(* Let $PS = D \cup LP \cup MP \cup IC$ be a P2P system such that no negation occurs in $LP$. Then the relation $\sqsupseteq$ (max-min preferability) is a partial order on the set of weak models of $PS$.
   Context: Peer atoms: a peer identifier is a positive integer; a peer atom is $i\!:\!p(t_1,\dots,t_k)$ with $i$ a peer identifier, $p$ a predicate and $t_j$ terms; $i\!:\!p$ is a peer predicate. A literal is an atom $A$ or its negation-as-failure $not\ A$. Built-in atoms are $X\,\theta\,Y$ with $\theta\in\{<,>,\le,\ge,=,\neq\}$. Rules (all safe): a standard rule $H\leftarrow \mathcal B$; an integrity constraint $\leftarrow \mathcal B$; a maximal mapping rule $i\!:\!h(X) \leftharpoonup j\!:\!(p_1(X_1),\dots,p_m(X_m),\varphi)$ with $i\neq j$; a minimal mapping rule, identical but with $\leftharpoondown$. A peer $P_i=\langle D_i,LP_i,MP_i,IC_i\rangle$ consists of a finite set $D_i$ of ground atoms with identifier $i$, a finite set $LP_i$ of standard rules all of whose atoms have identifier $i$, a finite set $MP_i$ of mapping rules with head identifier $i$, and a finite set $IC_i$ of integrity constraints over atoms with identifier $i$. A P2P system is a set $PS=\{P_1,\dots,P_n\}$ of peers in which every source identifier of a mapping rule lies in $[1..n]$; $D,LP,MP,IC$ are the unions of the components, and $PS$ is identified with $D\cup LP\cup MP\cup IC$. A predicate is derived if it heads a standard rule, a mapping predicate if it heads a mapping rule, base otherwise; each predicate has exactly one type and each mapping predicate heads exactly one mapping rule. Semantics: interpretation = set of ground peer atoms; $A$ true iff $A\in M$, $not\ A$ true iff $A\notin M$; a standard rule is satisfied iff its body is false or its head true; a constraint iff its body is false. $MM(\Pi)$ = inclusion-minimal models. $St(r)$ turns a mapping rule with head $H$, body $\mathcal B$ into $H\leftarrow\mathcal B$. $M$ is a weak model of $PS$ if $\{M\}=MM(St(PS^M))$, where $PS^M$ is obtained from $ground(PS)$ by removing every rule whose body contains $not\ A$ with $A\in M$, deleting negative literals from the remaining rules, and removing every ground mapping rule whose head is not in $M$. $M[\overline{MP}]$ (resp. $M[\underline{MP}]$) is the set of atoms of $M$ whose predicate heads a maximal (resp. minimal) mapping rule. For weak models $M,N$: $M\sqsupseteq N$ iff either $M[\overline{MP}]\supsetneq N[\overline{MP}]$, or $M[\overline{MP}]=N[\overline{MP}]$ and $M[\underline{MP}]\subseteq N[\underline{MP}]$. *)

From Stdlib Require Import List Arith.
Import ListNotations.
Set Implicit Arguments.

Section P2P.
Variable C : Type.              (* constants (Herbrand universe) *)
Variable le : C -> C -> Prop.   (* order used to interpret built-ins *)

Inductive term := TVar (x : nat) | TConst (c : C).

Record atom := Atom { a_peer : nat; a_pred : nat; a_args : list term }.

Record gatom := GAtom { g_peer : nat; g_pred : nat; g_args : list C }.

Inductive cmp := CLt | CGt | CLe | CGe | CEq | CNeq.
Record builtin := Builtin { b_op : cmp; b_lhs : term; b_rhs : term }.

Inductive literal := LPos (A : atom) | LNeg (A : atom) | LBi (b : builtin).

(* mapping rule  i:h(X) <- j:(p_1(X_1),...,p_m(X_m), phi):
   the body atoms are given as (p_k, X_k) and are read as j:p_k(X_k) *)
Inductive rule :=
| RStd (H : atom) (B : list literal)
| RIC (B : list literal)
| RMax (H : atom) (j : nat) (B : list (nat * list term)) (phi : list builtin)
| RMin (H : atom) (j : nat) (B : list (nat * list term)) (phi : list builtin).

Record peer := Peer { pD : list gatom; pLP : list rule; pMP : list rule; pIC : list rule }.

Definition term_vars (t : term) : list nat :=
  match t with TVar x => [x] | TConst _ => [] end.
Definition args_vars (ts : list term) : list nat := flat_map term_vars ts.
Definition atom_vars (A : atom) : list nat := args_vars (a_args A).
Definition bi_vars (b : builtin) : list nat := term_vars (b_lhs b) ++ term_vars (b_rhs b).
Definition lit_vars (l : literal) : list nat :=
  match l with LPos A | LNeg A => atom_vars A | LBi b => bi_vars b end.
Definition lit_atom_peer_ok (i : nat) (l : literal) : Prop :=
  match l with LPos A | LNeg A => a_peer A = i | LBi _ => True end.
(* Let $I_1,\dots,I_s$ be squarefree monomial ideals in $S=\mathbb{K}[x_1,\dots,x_n]$, $\mathbb{K}$ a field. Then (a) $\operatorname{sreg}(S/\sum_{i=1}^s I_i)\le\sum_{i=1}^s\operatorname{sreg}(S/I_i)$, and (b) $\operatorname{sreg}(\bigcap_{i=1}^s I_i)\le\sum_{i=1}^s\operatorname{sreg}(I_i)$.
   Context: Stanley regularity: for a finitely generated squarefree $\mathbb{Z}^n$-graded $S$-module $M$ (such as $S/I$ or $I$ for a squarefree monomial ideal $I$), a squarefree Stanley decomposition of $M$ is a decomposition $M=\bigoplus_{i=1}^r u_i\mathbb{K}[Z_i]$ as $\mathbb{K}$-vector spaces, where $Z_i\subseteq\{x_1,\dots,x_n\}$, each $u_i$ is a homogeneous element of squarefree degree with support contained in $Z_i$, and each $u_i\mathbb{K}[Z_i]$ (the $\mathbb{K}$-span of $u_iv$, $v$ a monomial of $\mathbb{K}[Z_i]$) is free over $\mathbb{K}[Z_i]$. Its Stanley regularity is $\max_i\deg(u_i)$, and $\operatorname{sreg}(M)$ is the minimum of this over all such decompositions. *)

From mathcomp Require Import all_boot.
From Stdlib Require Import ClassicalDescription.
Set Implicit Arguments. Unset Strict Implicit. Unset Printing Implicit Defensive.

Definition expv (n : nat) := 'I_n -> nat.

(* a monomial Z^n-graded module is described by the set of exponents of the
   monomials forming its K-basis *)
Definition monset (n : nat) := expv n -> Prop.

(* indicator vector of a squarefree monomial x^F, F a set of variables *)
Definition chi n (F : {set 'I_n}) : expv n := fun j => (j \in F : nat).

Definition sqf_divides n (F : {set 'I_n}) (a : expv n) : Prop :=
  forall j, chi F j <= a j.

Definition mon_ideal n (G : {set {set 'I_n}}) : monset n :=
  fun a => exists2 F, F \in G & sqf_divides F a.

(* monomial basis of S/I (standard monomials) *)
Definition quot_mon n (I : monset n) : monset n := fun a => ~ I a.

(* sum of the ideals generated by G i: generated by the union of generators *)
Definition sum_ideal n s (G : 'I_s -> {set {set 'I_n}}) : monset n :=
  mon_ideal (\bigcup_(i < s) G i).

Definition inter_ideal n s (G : 'I_s -> {set {set 'I_n}}) : monset n :=
  fun a => forall i, mon_ideal (G i) a.

(* monomials of the Stanley space x^F K[Z]:  x^F * x^v with supp v in Z *)
Definition in_space n (F Z : {set 'I_n}) (a : expv n) : Prop :=
  exists v : expv n, (forall j, j \notin Z -> v j = 0) /\
                     (forall j, a j = chi F j + v j).

(* a squarefree Stanley decomposition M = (+)_i x^(F_i) K[Z_i]:
   F_i \subset Z_i, each piece is free (no monomial of x^F_i K[Z_i] vanishes
   in M, i.e. all lie in the monomial basis of M), and the pieces give a
   direct sum equal to M (each basis monomial lies in exactly one piece). *)
Definition stanley_dec n (M : monset n) (D : seq ({set 'I_n} * {set 'I_n})) : Prop :=
  [/\ forall p, p \in D -> p.1 \subset p.2,
      forall p a, p \in D -> in_space p.1 p.2 a -> M a
    & forall a, M a -> exists! i : 'I_(size D),
        in_space (nth (set0, set0) D i).1 (nth (set0, set0) D i).2 a].

Definition dec_sreg n (D : seq ({set 'I_n} * {set 'I_n})) : nat :=
  \max_(p <- D) #|p.1|.

Definition sreg_le n (M : monset n) (r : nat) : Prop :=
  exists2 D, stanley_dec M D & dec_sreg D <= r.

Definition sreg_pred n (M : monset n) : pred nat :=
  fun r => if excluded_middle_informative (sreg_le M r) then true else false.

(* sreg M = minimum over all squarefree Stanley decompositions
   (defaults to 0 if there is none, which never happens for S/I, I) *)
Definition sreg n (M : monset n) : nat :=
  match excluded_middle_informative (exists r, sreg_pred M r) with
  | left h => ex_minn h
  | right _ => 0
  end.

(* The monomial basis of S/(I_1 + ... + I_s) consists of the monomials lying
   outside every I_i, and that of I_1 ∩ ... ∩ I_s of those lying in every I_i;
   so both modules are intersections of monomial sets, each of which has a
   squarefree Stanley decomposition (group the monomials by their support).
   Two Stanley spaces meet in x^F K[Z] ∩ x^F' K[Z'] = x^(F ∪ F') K[Z ∩ Z']
   (empty unless F ∪ F' ⊆ Z ∩ Z'), so intersecting the pieces of
   decompositions of M and M' pairwise decomposes M ∩ M', with Stanley
   regularity at most sreg M + sreg M' since |F ∪ F'| <= |F| + |F'|. *)
From mathcomp Require Import all_boot.
From Stdlib Require Import ClassicalDescription.
Set Implicit Arguments. Unset Strict Implicit. Unset Printing Implicit Defensive.

Lemma exists_unique_nth_count (T : Type) (x0 : T) (s : seq T) (b : pred T) :
  (exists! i : 'I_(size s), b (nth x0 s i)) <-> count b s = 1.
Proof.
have -> : count b s = #|[set i : 'I_(size s) | b (nth x0 s i)]|.
  rewrite -sum1_count (big_nth x0) big_mkord -sum1_card.
  by apply: eq_bigl => i; rewrite inE.
split.
- case=> i [bi uniq_i]; apply/eqP/cards1P; exists i; apply/setP=> j.
  by rewrite !inE; apply/idP/eqP => [/uniq_i ->|->].
- move/eqP/cards1P=> [i Ei]; exists i; split; first by have := set11 i; rewrite -Ei inE.
  by move=> j bj; apply/esym/set1P; rewrite -Ei inE.
Qed.

Lemma count_allpairs (T1 T2 T3 : Type) (f : T1 -> T2 -> T3) (c : pred T3)
    (c1 : pred T1) (c2 : pred T2) (s : seq T1) (t : seq T2) :
  (forall x y, c (f x y) = c1 x && c2 y) ->
  count c [seq f x y | x <- s, y <- t] = count c1 s * count c2 t.
Proof.
move=> cE; elim: s => [//|x s IHs].
rewrite allpairs_cons count_cat IHs count_map mulnDl /=; congr (_ + _).
case c1x: (c1 x); rewrite ?mul1n ?mul0n.
- by apply: eq_count => y /=; rewrite cE c1x.
- by rewrite (eq_count (a2 := pred0)) ?count_pred0 // => y /=; rewrite cE c1x.
Qed.

Section StanleyDecompositions.
Variable n : nat.
Notation piece := ({set 'I_n} * {set 'I_n})%type.

Definition in_spaceb (p : piece) (a : expv n) : bool :=
  [forall j, ((j \in p.1) <= a j) && ((j \notin p.2) ==> (a j == 0))].

Lemma in_spaceP (p : piece) (a : expv n) : p.1 \subset p.2 ->
  in_space p.1 p.2 a <-> in_spaceb p a.
Proof.
move=> /subsetP sub12; split.
- case=> v [v0 aE]; apply/forallP=> j; rewrite aE /chi leq_addr /=.
  apply/implyP=> jZ; rewrite v0 // addn0.
  by case: (boolP (j \in p.1)) => // /sub12; rewrite (negbTE jZ).
- move=> /forallP a_in; exists (fun j => a j - chi p.1 j); split=> j.
  + by move=> jZ; have /andP[_ /implyP/(_ jZ)/eqP ->] := a_in j.
  + by have /andP[le_a _] := a_in j; rewrite subnKC.
Qed.

(* "In exactly one piece" as a count, which is multiplicative under meet_dec. *)
Definition stanley_dec_count (M : monset n) (D : seq piece) :=
  [/\ forall p, p \in D -> p.1 \subset p.2,
      forall p a, p \in D -> in_spaceb p a -> M a
    & forall a, M a -> count (in_spaceb^~ a) D = 1].

Lemma stanley_decE (M : monset n) (D : seq piece) :
  stanley_dec M D <-> stanley_dec_count M D.
Proof.
have unique_piece (sub : forall p, p \in D -> p.1 \subset p.2) a :
    (exists! i : 'I_(size D), in_space (nth (set0, set0) D i).1
                                        (nth (set0, set0) D i).2 a)
    <-> count (in_spaceb^~ a) D = 1.
  rewrite -(exists_unique_nth_count (set0, set0)).
  have nthE (i : 'I_(size D)) := in_spaceP a (sub _ (mem_nth (set0, set0) (ltn_ord i))).
  split=> -[i [ai uniq_i]]; exists i; split=> [|j aj];
    by [apply/nthE | apply: uniq_i; apply/nthE].
split=> -[sub space_in unique]; split=> // [p a pD|a Ma].
- by move/(in_spaceP a (sub p pD)); apply: space_in.
- exact/unique_piece/unique.
- by move/(in_spaceP a (sub p pD)); apply: space_in.
- exact/(unique_piece sub)/unique.
Qed.

Lemma stanley_dec_ext (M M' : monset n) (D : seq piece) :
  (forall a, M a <-> M' a) -> stanley_dec M D -> stanley_dec M' D.
Proof.
move=> MM' [sub space_in unique]; split=> // [p a pD /space_in|a /MM'].
- by move=> /(_ pD) /MM'.
- exact: unique.
Qed.

Lemma sreg_min (M : monset n) (r : nat) : sreg_le M r -> sreg M <= r.
Proof.
move=> Mr; have pred_r : sreg_pred M r.
  by rewrite /sreg_pred; case: excluded_middle_informative.
rewrite /sreg; case: excluded_middle_informative => [ex_r|[]]; last by exists r.
by case: ex_minnP => m _ /(_ r pred_r).
Qed.

Lemma sreg_attained (M : monset n) (D : seq piece) :
  stanley_dec M D -> sreg_le M (sreg M).
Proof.
move=> decD; rewrite /sreg; case: excluded_middle_informative => [ex_r|[]].
  by case: ex_minnP => m; rewrite /sreg_pred; case: excluded_middle_informative.
exists (dec_sreg D); rewrite /sreg_pred.
by case: excluded_middle_informative => // [[]]; exists D.
Qed.

Definition meet_space (p q : piece) : piece := (p.1 :|: q.1, p.2 :&: q.2).

Lemma in_spaceb_meet (p q : piece) (a : expv n) :
  ((meet_space p q).1 \subset (meet_space p q).2) && in_spaceb (meet_space p q) a
  = in_spaceb p a && in_spaceb q a.
Proof.
rewrite /in_spaceb /meet_space /=; apply/idP/idP.
- case/andP=> _ /forallP a_in; apply/andP; split; apply/forallP => j;
    have /andP[le_a /implyP a0] := a_in j; rewrite !inE in le_a a0;
    apply/andP; split.
  + by case: (j \in p.1) le_a => //; case: (j \in q.1).
  + by apply/implyP=> jZ; apply: a0; rewrite negb_and jZ.
  + by case: (j \in q.1) le_a => //; rewrite orbT.
  + by apply/implyP=> jZ; apply: a0; rewrite negb_and jZ orbT.
- case/andP=> /forallP a_p /forallP a_q.
  have in_Z j : j \in p.1 :|: q.1 -> j \in p.2 :&: q.2.
    have /andP[le_p /implyP a0p] := a_p j; have /andP[le_q /implyP a0q] := a_q j.
    rewrite !inE => jF; have a_pos : 0 < a j.
      by case/orP: jF => jF; [rewrite jF in le_p | rewrite jF in le_q].
    by apply/andP; split; apply/negPn/negP => /[dup] jZ;
       [move/a0p | move/a0q] => /eqP a0; rewrite a0 in a_pos.
  apply/andP; split; first exact/subsetP.
  apply/forallP=> j; have /andP[le_p /implyP a0p] := a_p j.
  have /andP[le_q /implyP a0q] := a_q j.
  rewrite inE; apply/andP; split.
  + by case: (j \in p.1) le_p; case: (j \in q.1) le_q.
  + by apply/implyP; rewrite inE negb_and => /orP[/a0p|/a0q].
Qed.

Definition meet_dec (D1 D2 : seq piece) : seq piece :=
  [seq p <- [seq meet_space p q | p <- D1, q <- D2] | (p : piece).1 \subset p.2].

Lemma stanley_dec_meet (M1 M2 : monset n) (D1 D2 : seq piece) :
  stanley_dec M1 D1 -> stanley_dec M2 D2 ->
  stanley_dec (fun a => M1 a /\ M2 a) (meet_dec D1 D2).
Proof.
move=> /stanley_decE[_ in_M1 unique1] /stanley_decE[_ in_M2 unique2].
apply/stanley_decE; split=> [p|p a|a [M1a M2a]].
- by rewrite mem_filter => /andP[].
- rewrite mem_filter => /andP[sub /allpairsP[[p1 p2] [/= p1D p2D pE]]] a_in.
  subst p.
  have /andP[a_p1 a_p2] : in_spaceb p1 a && in_spaceb p2 a.
    by rewrite -in_spaceb_meet sub.
  by split; [apply: (in_M1 p1) | apply: (in_M2 p2)].
- rewrite count_filter (count_allpairs (c1 := in_spaceb^~ a) (c2 := in_spaceb^~ a)).
    by rewrite unique1 // unique2.
  by move=> p q /=; rewrite andbC -in_spaceb_meet.
Qed.

Lemma dec_sreg_meet (D1 D2 : seq piece) :
  dec_sreg (meet_dec D1 D2) <= dec_sreg D1 + dec_sreg D2.
Proof.
apply/bigmax_leqP_seq => p.
rewrite mem_filter => /andP[_ /allpairsP[[p1 p2] [/= p1D p2D ->]]] _.
have le_sreg (D : seq piece) q : q \in D -> #|q.1| <= dec_sreg D.
  by move=> qD; rewrite /dec_sreg (big_rem _ qD) /= leq_maxl.
rewrite cardsU; apply: leq_trans (leq_subr _ _) _.
by apply: leq_add; apply: le_sreg.
Qed.

Definition supp (a : expv n) : {set 'I_n} := [set j | 0 < a j].

Lemma in_spaceb_diag (X : {set 'I_n}) (a : expv n) :
  in_spaceb (X, X) a = (supp a == X).
Proof.
rewrite /in_spaceb /=; apply/forallP/eqP => [a_in|<- j].
- apply/setP=> j; rewrite inE; have /andP[le_a /implyP a0] := a_in j.
  case: (boolP (j \in X)) => jX; last by rewrite (eqP (a0 jX)).
  by rewrite lt0n; move: le_a; rewrite jX; case: (a j).
- by rewrite !inE; case: (a j).
Qed.

(* The pieces x^X K[X] partition S by support. *)
Lemma supp_stanley_dec (M : monset n) (P : pred {set 'I_n}) :
  (forall a, M a <-> P (supp a)) ->
  stanley_dec M [seq (X, X) | X <- enum {set 'I_n} & P X].
Proof.
move=> ME; apply/stanley_decE; split=> [p|p a|a /ME Pa].
- by move=> /mapP[X _ ->].
- case/mapP=> X; rewrite mem_filter => /andP[PX _] ->.
  by rewrite in_spaceb_diag => /eqP suppE; apply/ME; rewrite suppE.
- rewrite count_map count_filter (eq_count (a2 := pred1 (supp a))).
    by rewrite count_uniq_mem ?enum_uniq // mem_enum.
  move=> X /=; rewrite in_spaceb_diag eq_sym.
  by case: eqVneq => [->|]; rewrite ?Pa.
Qed.

Lemma sreg_le_bigcap (I : eqType) (M : I -> monset n) (r : seq I) :
  (forall i, exists D, stanley_dec (M i) D) ->
  sreg_le (fun a => forall i, i \in r -> M i a) (\sum_(i <- r) sreg (M i)).
Proof.
move=> decM; elim: r => [|i r [D2 decD2 le_D2]].
  rewrite big_nil; exists [:: (set0, setT)]; last first.
    by rewrite /dec_sreg big_seq1 cards0.
  apply/stanley_decE; split=> // [p|a _].
    by rewrite inE => /eqP ->; apply: subsetT.
  by rewrite /= (_ : in_spaceb _ a) //; apply/forallP => j; rewrite inE in_setT.
rewrite big_cons; have [D0 /sreg_attained[D1 decD1 le_D1]] := decM i.
exists (meet_dec D1 D2); last exact: leq_trans (dec_sreg_meet _ _) (leq_add _ _).
apply: stanley_dec_ext (stanley_dec_meet decD1 decD2) => a.
split=> [[Mia Mra] j|Ma]; first by rewrite inE => /orP[/eqP ->|/Mra].
by split=> [|j jr]; apply: Ma; rewrite ?mem_head // inE jr orbT.
Qed.

Lemma mon_idealE (G : {set {set 'I_n}}) (a : expv n) :
  mon_ideal G a <-> [exists F in G, F \subset supp a].
Proof.
have sqf_dividesE (F : {set 'I_n}) : sqf_divides F a <-> F \subset supp a.
  split=> [div_a|/subsetP sub j]; rewrite /chi.
    by apply/subsetP => j jF; have := div_a j; rewrite /chi jF inE.
  by case: (boolP (j \in F)) => // /sub; rewrite inE.
split=> [[F FG /sqf_dividesE sub]|/existsP[F /andP[FG /sqf_dividesE div_a]]].
  by apply/existsP; exists F; rewrite FG.
by exists F.
Qed.

Lemma mon_ideal_stanley_dec (G : {set {set 'I_n}}) :
  exists D, stanley_dec (mon_ideal G) D.
Proof.
eexists; apply: (supp_stanley_dec (P := fun X => [exists F in G, F \subset X])).
exact: mon_idealE.
Qed.

Lemma quot_mon_ideal_stanley_dec (G : {set {set 'I_n}}) :
  exists D, stanley_dec (quot_mon (mon_ideal G)) D.
Proof.
eexists; apply: (supp_stanley_dec (P := fun X => ~~ [exists F in G, F \subset X])).
by move=> a; rewrite /quot_mon mon_idealE; split=> [/negP|/negP].
Qed.

Lemma sreg_le_bigcap_ord (s : nat) (M : 'I_s -> monset n) (M' : monset n) :
  (forall i, exists D, stanley_dec (M i) D) ->
  (forall a, (forall i, M i a) <-> M' a) ->
  sreg M' <= \sum_(i < s) sreg (M i).
Proof.
move=> decM ME; have [D decD le_D] := sreg_le_bigcap (enum 'I_s) decM.
rewrite big_enum in le_D; apply: sreg_min; exists D => //.
apply: stanley_dec_ext decD => a; rewrite -ME.
by split=> Ma i; [apply: Ma; rewrite mem_enum | move=> _; apply: Ma].
Qed.

Lemma sum_idealE (s : nat) (G : 'I_s -> {set {set 'I_n}}) (a : expv n) :
  sum_ideal G a <-> exists i, mon_ideal (G i) a.
Proof.
rewrite /sum_ideal mon_idealE; split.
  case/existsP=> F /andP[/bigcupP[i _ FG] sub]; exists i.
  by apply/mon_idealE/existsP; exists F; rewrite FG.
case=> i /mon_idealE/existsP[F /andP[FG sub]]; apply/existsP; exists F.
by rewrite sub andbT; apply/bigcupP; exists i.
Qed.

Lemma sreg_quot_sum_ideal (s : nat) (G : 'I_s -> {set {set 'I_n}}) :
  sreg (quot_mon (sum_ideal G)) <= \sum_(i < s) sreg (quot_mon (mon_ideal (G i))).
Proof.
apply: sreg_le_bigcap_ord => [i|a]; first exact: quot_mon_ideal_stanley_dec.
rewrite /quot_mon sum_idealE; split=> [not_in [i Gia]|not_in i Gia].
  exact: not_in Gia.
by apply: not_in; exists i.
Qed.

Lemma sreg_inter_ideal (s : nat) (G : 'I_s -> {set {set 'I_n}}) :
  sreg (inter_ideal G) <= \sum_(i < s) sreg (mon_ideal (G i)).
Proof. by apply: sreg_le_bigcap_ord => [i|//]; apply: mon_ideal_stanley_dec. Qed.

End StanleyDecompositions.

Theorem lemma5p2 (n s : nat) (G : 'I_s -> {set {set 'I_n}}) :
  sreg (quot_mon (sum_ideal G)) <= \sum_(i < s) sreg (quot_mon (mon_ideal (G i)))
  /\ sreg (inter_ideal G) <= \sum_(i < s) sreg (mon_ideal (G i)).
Proof. by split; [apply: sreg_quot_sum_ideal | apply: sreg_inter_ideal]. Qed.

☆ ☆ ☆ ☆

» Problem to work on
Look through the data above. Copy every line with the string "squarefree" in it.

» Exercise solution
(* Let $I_1,\dots,I_s$ be squarefree monomial ideals in $S=\mathbb{K}[x_1,\dots,x_n]$, $\mathbb{K}$ a field. Then (a) $\operatorname{sreg}(S/\sum_{i=1}^s I_i)\le\sum_{i=1}^s\operatorname{sreg}(S/I_i)$, and (b) $\operatorname{sreg}(\bigcap_{i=1}^s I_i)\le\sum_{i=1}^s\operatorname{sreg}(I_i)$.
   Context: Stanley regularity: for a finitely generated squarefree $\mathbb{Z}^n$-graded $S$-module $M$ (such as $S/I$ or $I$ for a squarefree monomial ideal $I$), a squarefree Stanley decomposition of $M$ is a decomposition $M=\bigoplus_{i=1}^r u_i\mathbb{K}[Z_i]$ as $\mathbb{K}$-vector spaces, where $Z_i\subseteq\{x_1,\dots,x_n\}$, each $u_i$ is a homogeneous element of squarefree degree with support contained in $Z_i$, and each $u_i\mathbb{K}[Z_i]$ (the $\mathbb{K}$-span of $u_iv$, $v$ a monomial of $\mathbb{K}[Z_i]$) is free over $\mathbb{K}[Z_i]$. Its Stanley regularity is $\max_i\deg(u_i)$, and $\operatorname{sreg}(M)$ is the minimum of this over all such decompositions. *)
(* indicator vector of a squarefree monomial x^F, F a set of variables *)
(* a squarefree Stanley decomposition M = (+)_i x^(F_i) K[Z_i]:
(* sreg M = minimum over all squarefree Stanley decompositions
   squarefree Stanley decomposition (group the monomials by their support).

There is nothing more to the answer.